RAW DATA

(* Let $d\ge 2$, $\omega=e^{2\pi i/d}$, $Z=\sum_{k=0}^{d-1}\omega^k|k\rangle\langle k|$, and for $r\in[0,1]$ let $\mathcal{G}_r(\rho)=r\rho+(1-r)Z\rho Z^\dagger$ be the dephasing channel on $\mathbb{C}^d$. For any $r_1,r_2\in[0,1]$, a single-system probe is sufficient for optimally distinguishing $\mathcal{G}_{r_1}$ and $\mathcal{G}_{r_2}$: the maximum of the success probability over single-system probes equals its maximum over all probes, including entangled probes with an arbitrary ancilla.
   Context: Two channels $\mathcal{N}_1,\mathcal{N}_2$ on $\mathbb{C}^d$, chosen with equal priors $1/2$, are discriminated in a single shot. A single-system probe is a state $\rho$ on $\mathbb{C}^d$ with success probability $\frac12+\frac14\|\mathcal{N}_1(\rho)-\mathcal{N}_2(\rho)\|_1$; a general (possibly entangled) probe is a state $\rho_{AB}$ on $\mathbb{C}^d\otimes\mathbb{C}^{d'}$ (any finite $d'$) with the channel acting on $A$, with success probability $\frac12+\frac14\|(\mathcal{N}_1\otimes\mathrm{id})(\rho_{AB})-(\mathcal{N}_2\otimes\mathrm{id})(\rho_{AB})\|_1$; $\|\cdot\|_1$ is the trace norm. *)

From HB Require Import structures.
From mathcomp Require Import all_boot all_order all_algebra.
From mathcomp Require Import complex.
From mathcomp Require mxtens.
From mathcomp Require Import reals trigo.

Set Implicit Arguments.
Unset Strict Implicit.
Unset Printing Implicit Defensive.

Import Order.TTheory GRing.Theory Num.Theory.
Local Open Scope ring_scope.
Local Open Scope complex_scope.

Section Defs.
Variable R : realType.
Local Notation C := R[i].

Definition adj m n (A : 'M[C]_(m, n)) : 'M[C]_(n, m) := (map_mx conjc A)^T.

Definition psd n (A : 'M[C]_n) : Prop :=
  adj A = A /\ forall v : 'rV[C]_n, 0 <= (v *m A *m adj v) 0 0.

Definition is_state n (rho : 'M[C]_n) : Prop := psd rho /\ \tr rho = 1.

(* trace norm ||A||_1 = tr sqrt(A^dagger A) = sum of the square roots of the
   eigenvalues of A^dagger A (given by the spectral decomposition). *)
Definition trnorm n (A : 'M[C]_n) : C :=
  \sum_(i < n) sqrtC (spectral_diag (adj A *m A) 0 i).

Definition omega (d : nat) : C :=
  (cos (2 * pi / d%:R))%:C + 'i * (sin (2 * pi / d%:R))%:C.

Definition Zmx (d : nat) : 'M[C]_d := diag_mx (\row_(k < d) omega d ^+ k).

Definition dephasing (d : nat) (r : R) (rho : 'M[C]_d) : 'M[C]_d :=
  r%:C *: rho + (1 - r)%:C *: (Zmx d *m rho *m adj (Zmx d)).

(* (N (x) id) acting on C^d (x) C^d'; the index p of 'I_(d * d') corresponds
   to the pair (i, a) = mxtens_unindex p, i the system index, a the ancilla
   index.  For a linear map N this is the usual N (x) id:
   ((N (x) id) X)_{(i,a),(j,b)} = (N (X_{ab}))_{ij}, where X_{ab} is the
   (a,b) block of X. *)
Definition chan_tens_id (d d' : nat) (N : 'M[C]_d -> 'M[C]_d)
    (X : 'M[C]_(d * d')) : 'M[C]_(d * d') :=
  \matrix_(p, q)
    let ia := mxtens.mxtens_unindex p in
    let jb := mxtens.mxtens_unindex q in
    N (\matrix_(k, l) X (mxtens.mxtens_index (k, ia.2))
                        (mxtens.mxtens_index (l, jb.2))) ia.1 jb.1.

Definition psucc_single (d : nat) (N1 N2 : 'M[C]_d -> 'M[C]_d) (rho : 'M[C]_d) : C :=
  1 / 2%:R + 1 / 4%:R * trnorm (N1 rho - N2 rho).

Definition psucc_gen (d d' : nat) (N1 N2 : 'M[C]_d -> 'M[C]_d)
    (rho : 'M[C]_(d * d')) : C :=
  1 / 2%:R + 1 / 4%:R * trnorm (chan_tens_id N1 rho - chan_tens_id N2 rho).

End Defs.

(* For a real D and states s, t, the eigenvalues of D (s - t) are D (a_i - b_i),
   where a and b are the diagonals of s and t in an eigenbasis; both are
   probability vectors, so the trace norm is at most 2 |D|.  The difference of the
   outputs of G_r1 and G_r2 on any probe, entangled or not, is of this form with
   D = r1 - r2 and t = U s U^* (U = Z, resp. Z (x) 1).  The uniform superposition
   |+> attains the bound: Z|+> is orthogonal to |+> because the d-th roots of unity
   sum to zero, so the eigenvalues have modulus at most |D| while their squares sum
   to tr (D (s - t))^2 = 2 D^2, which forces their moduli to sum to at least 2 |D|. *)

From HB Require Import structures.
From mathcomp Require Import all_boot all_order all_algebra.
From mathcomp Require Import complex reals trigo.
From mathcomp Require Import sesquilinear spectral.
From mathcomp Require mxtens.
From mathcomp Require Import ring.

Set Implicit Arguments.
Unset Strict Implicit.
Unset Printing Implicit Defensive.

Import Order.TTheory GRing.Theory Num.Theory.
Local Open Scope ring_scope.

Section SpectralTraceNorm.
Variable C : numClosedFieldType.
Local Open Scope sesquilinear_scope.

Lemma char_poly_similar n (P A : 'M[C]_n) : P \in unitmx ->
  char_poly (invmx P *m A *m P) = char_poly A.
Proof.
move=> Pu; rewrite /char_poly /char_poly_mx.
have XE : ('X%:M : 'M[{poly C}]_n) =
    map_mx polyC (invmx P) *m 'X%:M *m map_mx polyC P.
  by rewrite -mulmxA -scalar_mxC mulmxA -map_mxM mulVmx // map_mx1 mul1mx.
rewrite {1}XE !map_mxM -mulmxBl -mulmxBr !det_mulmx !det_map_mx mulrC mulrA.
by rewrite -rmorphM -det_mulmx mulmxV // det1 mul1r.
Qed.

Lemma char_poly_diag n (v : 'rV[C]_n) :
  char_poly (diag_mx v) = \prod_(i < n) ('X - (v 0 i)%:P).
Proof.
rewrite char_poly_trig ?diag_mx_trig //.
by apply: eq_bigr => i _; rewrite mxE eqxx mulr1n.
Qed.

THE TASK
Set down, exactly and completely, all of the material.

COMPLETED EXERCISE
(* Let $d\ge 2$, $\omega=e^{2\pi i/d}$, $Z=\sum_{k=0}^{d-1}\omega^k|k\rangle\langle k|$, and for $r\in[0,1]$ let $\mathcal{G}_r(\rho)=r\rho+(1-r)Z\rho Z^\dagger$ be the dephasing channel on $\mathbb{C}^d$. For any $r_1,r_2\in[0,1]$, a single-system probe is sufficient for optimally distinguishing $\mathcal{G}_{r_1}$ and $\mathcal{G}_{r_2}$: the maximum of the success probability over single-system probes equals its maximum over all probes, including entangled probes with an arbitrary ancilla.
   Context: Two channels $\mathcal{N}_1,\mathcal{N}_2$ on $\mathbb{C}^d$, chosen with equal priors $1/2$, are discriminated in a single shot. A single-system probe is a state $\rho$ on $\mathbb{C}^d$ with success probability $\frac12+\frac14\|\mathcal{N}_1(\rho)-\mathcal{N}_2(\rho)\|_1$; a general (possibly entangled) probe is a state $\rho_{AB}$ on $\mathbb{C}^d\otimes\mathbb{C}^{d'}$ (any finite $d'$) with the channel acting on $A$, with success probability $\frac12+\frac14\|(\mathcal{N}_1\otimes\mathrm{id})(\rho_{AB})-(\mathcal{N}_2\otimes\mathrm{id})(\rho_{AB})\|_1$; $\|\cdot\|_1$ is the trace norm. *)

From HB Require Import structures.
From mathcomp Require Import all_boot all_order all_algebra.
From mathcomp Require Import complex.
From mathcomp Require mxtens.
From mathcomp Require Import reals trigo.

Set Implicit Arguments.
Unset Strict Implicit.
Unset Printing Implicit Defensive.

Import Order.TTheory GRing.Theory Num.Theory.
Local Open Scope ring_scope.
Local Open Scope complex_scope.

Section Defs.
Variable R : realType.
Local Notation C := R[i].

Definition adj m n (A : 'M[C]_(m, n)) : 'M[C]_(n, m) := (map_mx conjc A)^T.

Definition psd n (A : 'M[C]_n) : Prop :=
  adj A = A /\ forall v : 'rV[C]_n, 0 <= (v *m A *m adj v) 0 0.

Definition is_state n (rho : 'M[C]_n) : Prop := psd rho /\ \tr rho = 1.

(* trace norm ||A||_1 = tr sqrt(A^dagger A) = sum of the square roots of the
   eigenvalues of A^dagger A (given by the spectral decomposition). *)
Definition trnorm n (A : 'M[C]_n) : C :=
  \sum_(i < n) sqrtC (spectral_diag (adj A *m A) 0 i).

Definition omega (d : nat) : C :=
  (cos (2 * pi / d%:R))%:C + 'i * (sin (2 * pi / d%:R))%:C.

Definition Zmx (d : nat) : 'M[C]_d := diag_mx (\row_(k < d) omega d ^+ k).

Definition dephasing (d : nat) (r : R) (rho : 'M[C]_d) : 'M[C]_d :=
  r%:C *: rho + (1 - r)%:C *: (Zmx d *m rho *m adj (Zmx d)).

(* (N (x) id) acting on C^d (x) C^d'; the index p of 'I_(d * d') corresponds
   to the pair (i, a) = mxtens_unindex p, i the system index, a the ancilla
   index.  For a linear map N this is the usual N (x) id:
   ((N (x) id) X)_{(i,a),(j,b)} = (N (X_{ab}))_{ij}, where X_{ab} is the
   (a,b) block of X. *)
Definition chan_tens_id (d d' : nat) (N : 'M[C]_d -> 'M[C]_d)
    (X : 'M[C]_(d * d')) : 'M[C]_(d * d') :=
  \matrix_(p, q)
    let ia := mxtens.mxtens_unindex p in
    let jb := mxtens.mxtens_unindex q in
    N (\matrix_(k, l) X (mxtens.mxtens_index (k, ia.2))
                        (mxtens.mxtens_index (l, jb.2))) ia.1 jb.1.

Definition psucc_single (d : nat) (N1 N2 : 'M[C]_d -> 'M[C]_d) (rho : 'M[C]_d) : C :=
  1 / 2%:R + 1 / 4%:R * trnorm (N1 rho - N2 rho).

Definition psucc_gen (d d' : nat) (N1 N2 : 'M[C]_d -> 'M[C]_d)
    (rho : 'M[C]_(d * d')) : C :=
  1 / 2%:R + 1 / 4%:R * trnorm (chan_tens_id N1 rho - chan_tens_id N2 rho).

End Defs.

(* For a real D and states s, t, the eigenvalues of D (s - t) are D (a_i - b_i),
   where a and b are the diagonals of s and t in an eigenbasis; both are
   probability vectors, so the trace norm is at most 2 |D|.  The difference of the
   outputs of G_r1 and G_r2 on any probe, entangled or not, is of this form with
   D = r1 - r2 and t = U s U^* (U = Z, resp. Z (x) 1).  The uniform superposition
   |+> attains the bound: Z|+> is orthogonal to |+> because the d-th roots of unity
   sum to zero, so the eigenvalues have modulus at most |D| while their squares sum
   to tr (D (s - t))^2 = 2 D^2, which forces their moduli to sum to at least 2 |D|. *)

From HB Require Import structures.
From mathcomp Require Import all_boot all_order all_algebra.
From mathcomp Require Import complex reals trigo.
From mathcomp Require Import sesquilinear spectral.
From mathcomp Require mxtens.
From mathcomp Require Import ring.

Set Implicit Arguments.
Unset Strict Implicit.
Unset Printing Implicit Defensive.

Import Order.TTheory GRing.Theory Num.Theory.
Local Open Scope ring_scope.

Section SpectralTraceNorm.
Variable C : numClosedFieldType.
Local Open Scope sesquilinear_scope.

Lemma char_poly_similar n (P A : 'M[C]_n) : P \in unitmx ->
  char_poly (invmx P *m A *m P) = char_poly A.
Proof.
move=> Pu; rewrite /char_poly /char_poly_mx.
have XE : ('X%:M : 'M[{poly C}]_n) =
    map_mx polyC (invmx P) *m 'X%:M *m map_mx polyC P.
  by rewrite -mulmxA -scalar_mxC mulmxA -map_mxM mulVmx // map_mx1 mul1mx.
rewrite {1}XE !map_mxM -mulmxBl -mulmxBr !det_mulmx !det_map_mx mulrC mulrA.
by rewrite -rmorphM -det_mulmx mulmxV // det1 mul1r.
Qed.

Lemma char_poly_diag n (v : 'rV[C]_n) :
  char_poly (diag_mx v) = \prod_(i < n) ('X - (v 0 i)%:P).
Proof.
rewrite char_poly_trig ?diag_mx_trig //.
by apply: eq_bigr => i _; rewrite mxE eqxx mulr1n.
Qed.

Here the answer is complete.